My problem is quite simple but I am unable to solve it. When I insert objects into a list, the elements of the list all change whenever I change one of them (they all point to the same object in the memory I think). I want to unlink them so the list would not be full of the exactly same objects with the same values. E.g. avoid linking or mutability. I think the problem is how I initialize the objects but I am not sure how to solve it. Here is my code.
from typing import List, Tuple
class State:
#think of State as some kind of coordinates
def __init__(self, z:float, angle:float):
self.z = z
self.angle = angle
class ListOfStates:
#this should be an object with a list containing DIFFERENT (unlinked) State objects
def __init__(self, list_of_states : List[State]):
self.list_of_states = list_of_states
class StateSettings:
#a bigger object to encapsulate previous objects
def __init__(self, state : State, list_of_states : ListOfStates):
self.state = state
self.list_of_states = list_of_states
some_number = 42
# my try #1
state_settings = StateSettings
#create a list of State objects to be used later
state_settings.list_of_states = [State for i in range(some_number)]
state_settings.state = State
for i in range(some_number):
state_settings.list_of_states[i].angle = i
And state_settings.list_of_states contains the same copy of the object 42 times, e.g.
print(state_settings.list_of_states[0].angle)
print(state_settings.list_of_states[1].angle)
print(state_settings.list_of_states[2].angle)
prints
41
41
41
I also tried different ways to initialize, but with no luck.
# my try #2
state_settings = StateSettings(
state = State(
z = 0,
angle = 0),
list_of_states = [State for i in range(some_number)]
)
for i in range(some_number):
state_settings.list_of_states[i].angle = i
or
# my try 3
from copy import deepcopy
state_settings = StateSettings
state_settings.list_of_states = [deepcopy(State) for i in range(some_number)]
state_settings.state = deepcopy(State)
for i in range(some_number):
state_settings.list_of_states[i].angle = i
My question, as far as I know, is not solved by answers such as Changing a single object within an array of objects changes all, even in a different array or List of Objects changes when the object that was input in the append() function changes.
There are some fundamental mistakes you have made in the code. Let me try to put some light on those first , using your lines of code
# my try #1
state_settings = StateSettings
What you did in the above line is that, you assigned the class StateSettings to state_settings variable. You never created an object here.
#create a list of State objects to be used later
state_settings.list_of_states = [State for i in range(some_number)]
What you did here is also same, created a list of State class references, not objects. So, all the values in list are same.
state_settings.state = State
What you did here, is set an attribute state to StateSettings class , not the object.
for i in range(some_number):
state_settings.list_of_states[i].angle = i
What you did here, set an attribute angle the class State. Since all values in the list are same State references, everywhere value will be same
To summarize the above said issues,
When you assign an attribute to the class name, attribute gets added to the class itself. Any where you have a reference to that class will have the same attribute value.
When you create an object and then set an attribute on the object, the attribute lies only in that object. Its not reflected on other objects created.

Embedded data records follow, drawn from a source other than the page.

Lemma m0_eq0_dvdz : m0 p q = 0%N -> (2 ^+ 3 %| Gseq A T1 - 2)%Z.
Proof.
have /dvdzP[w Gw] := Gseq_pow2_T1_dvdz 0; rewrite expn0 mul1n in Gw.
have Gdiv2 : (Gseq A T1 %/ 2)%Z = 2 * w + 1.
  by rewrite -[Gseq A T1](subrK 2) Gw (_ : _ + 2 = (2 * w + 1) * 2) ?mulzK //; ring.
rewrite /m0 Gdiv2; case: ifP => // /negbFE/eqP w_mod4 _.
have := divz_eq (2 * w + 1) 4; rewrite w_mod4 => w_div4.
apply/dvdzP; exists ((2 * w + 1) %/ 4)%Z; rewrite Gw; lia.
Qed.

Hypotheses (p_gt0 : (0 < p)%N) (q_gt0 : (0 < q)%N).

Lemma Acat_gt2 : 2 < A.
Proof. by rewrite AcatE; nia. Qed.

Lemma e_sg_v2 : (e_sg p q).+1 = v2 (Gseq A (2 ^ m0 p q * T1) - 2).
Proof.
set n := (2 ^ m0 p q * T1)%N.
have n_gt0 : (0 < n)%N by rewrite muln_gt0 expn_gt0 T1_gt0.
have /dvdzP[u Gu] : (2 %| Gseq A n - 2)%Z.
  apply: dvdz_trans (Gseq_pow2_T1_dvdz _).
  by rewrite -[X in (X %| _)%Z]expr1 dvdz_exp2l.
have u_neq0 : u != 0.
  by apply: contraNneq (Gseq_sub2_neq0 Acat_gt2 n_gt0); rewrite Gu => ->.
rewrite /e_sg -/n Gu v2M // addn1; congr (v2 _).+1.
by rewrite -[Gseq A n](subrK 2) Gu (_ : _ + 2 = (u + 1) * 2) ?mulzK //; ring.
Qed.

Lemma v2_Gseq_pow2_T1_le l :
  (v2 (Gseq A (2 ^ l * T1) - 2) <= e_sg p q + 2 * l + 1)%N.
Proof.
pose h k := v2 (Gseq A (2 ^ k * T1) - 2).
have idx_gt0 k : (0 < 2 ^ k * T1)%N by rewrite muln_gt0 expn_gt0 T1_gt0.
have idx k : (2 ^ k.+1 * T1 = 2 ^ k * T1 * 2)%N by rewrite expnS -mulnA mulnC.
have hS k : (m0 p q <= k)%N -> h k.+1 = (h k + 2)%N.
  move=> m0_le_k; rewrite /h idx v2_Gseq_double ?Acat_gt2 //.
  case: k m0_le_k => [|k] m0_le_k.
    by rewrite expn0 mul1n; apply: m0_eq0_dvdz; lia.
  by apply: dvdz_trans (Gseq_pow2_T1_dvdz _); rewrite dvdz_exp2l.
have h_m0 k : h (m0 p q + k)%N = (e_sg p q + 1 + 2 * k)%N.
  elim: k => [|k IHk]; first by rewrite muln0 !addn0 addn1 e_sg_v2.
  by rewrite addnS hS ?leq_addr // IHk; lia.
have := m0_le1; case: (leqP (m0 p q) l) => [m0_le_l | l_lt_m0] m0_le1.
  by rewrite -(subnKC m0_le_l) -/(h _) h_m0; lia.
have [-> m0_1] : l = 0%N /\ m0 p q = 1%N by lia.
have := h_m0 0; rewrite m0_1 => h1.
have := v2_Gseq_double_ge Acat_gt2 (idx_gt0 0); rewrite -idx -/(h 0) -/(h 1) h1; lia.
Qed.

End CatMap.

Theorem lemma8 (p q s Tc lc : nat) :
  (0 < p)%N -> (0 < q)%N ->
  least_period p%:Z q%:Z `|e_s p q|%N (2 ^ s * T1 p q)%N ->
  (Tc = 1%N \/ (Tc = (2 ^ lc * T1 p q)%N /\ (lc <= s + 1)%N)) ->
  forall e : nat, e_0 p q Tc lc < e%:Z ->
  forall x y : int, on_cycle p%:Z q%:Z e (vec2 x y) Tc ->
  (2 %| x)%Z /\ (2 %| y)%Z.
Proof.
move=> p_gt0 q_gt0 _ Tc_shape e e0_lt_e x y [_ fixed _].
apply/andP; apply: contraTT isT; rewrite negb_and => xy_odd.
have [Tc1 | Tc_neq1] := eqVneq Tc 1%N.
  move: fixed e0_lt_e; rewrite Tc1 expr1 /e_0 eqxx.
  case/catC_fixed_dvdz => dvd_py dvd_qx e0_lt_e.
  rewrite /e_p /e_q in e0_lt_e.
  case/orP: xy_odd => [x_odd | y_odd].
    have := dvdz_pow2_odd x_odd dvd_qx; rewrite dvdz_v2 /v2 /=; lia.
  have := dvdz_pow2_odd y_odd dvd_py; rewrite dvdz_v2 /v2 /=; lia.
case: Tc_shape => [Tc1 | [Tc_def _]]; first by rewrite Tc1 eqxx in Tc_neq1.
have [M CM] := catC_pow2_T1 p q lc; rewrite -Tc_def in CM.
rewrite CM in fixed; have dvd_det := cycle_dvdz_det fixed xy_odd.
have dvd_G : (2 ^+ (lc.+1 + e) %| Gseq (Acat p q) Tc - 2)%Z.
  rewrite Gseq_catC (trace_sub2_det22 _ CM) ?det_exp ?det_catC ?expr1n //.
  by rewrite rpredN exprD expr2 -mulrA dvdz_mul.
have Tc_gt0 : (0 < Tc)%N by rewrite Tc_def muln_gt0 expn_gt0 T1_gt0.
move: dvd_G; rewrite dvdz_v2 ?Gseq_sub2_neq0 ?Acat_gt2 // Tc_def.
have := v2_Gseq_pow2_T1_le p_gt0 q_gt0 lc.
move: e0_lt_e; rewrite /e_0 (negbTE Tc_neq1); case: eqP; lia.
Qed.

A simple update on the code you wrote is below, which I guess works like you want.
from typing import List
class State:
# think of State as some kind of coordinates
# Use default values, so you dont need to provide a value in init
def __init__(self, z: float = None, angle: float = None):
self.z = z
self.angle = angle
class ListOfStates:
# this should be an object with a list containing DIFFERENT (unlinked) State objects
# Use default values, so you dont need to provide a value in init
def __init__(self, list_of_states: List[State] = None):
self.list_of_states = list_of_states
class StateSettings:
# a bigger object to encapsulate previous objects
# Use default values, so you dont need to provide a value in init
def __init__(self, state: State = None, list_of_states: ListOfStates = None):
self.state = state
self.list_of_states = list_of_states
some_number = 42
# my try #1
state_settings = StateSettings()
# create a list of State objects to be used later
state_settings.list_of_states = [State() for i in range(some_number)]
state_settings.state = State()
for i in range(some_number):
state_settings.list_of_states[i].angle = i
Related
I have a situation where one party (Alice) has a complex custom object, whose attributes are complicated and can involve circular references. Alice then sends this object to two separate parties, Bob and Claire, by pickling and sending through an (encrypted) socket. They each then modify one attribute of the object each, but what they change includes complex references to the object they received from Alice. Both Bob and Claire then pickle their own modified object themselves, and send it back to Alice.
The question is, how can Alice combine the changes made by both Bob and Claire? Because object persistence is lost on pickling/unpickling, the naive idea of copying the attribute that Bob or Claire created onto the original object doesn't work. I am aware of how persistent_id() and persistent_load() works in pickling, but I would very much like to avoid having to manually write rules for every single attribute in the object that Alice creates. Partly because its a big pile of nested and circularly referenced objects (some 10,000+ lines of them), and partly because I want flexibility to modify the rest of the code without have to change how I pickle/unpickle every time (and the difficulty of properly testing that).
Can this be done? Or do I have to swallow the bitter pill and deal with the pickling "manually"?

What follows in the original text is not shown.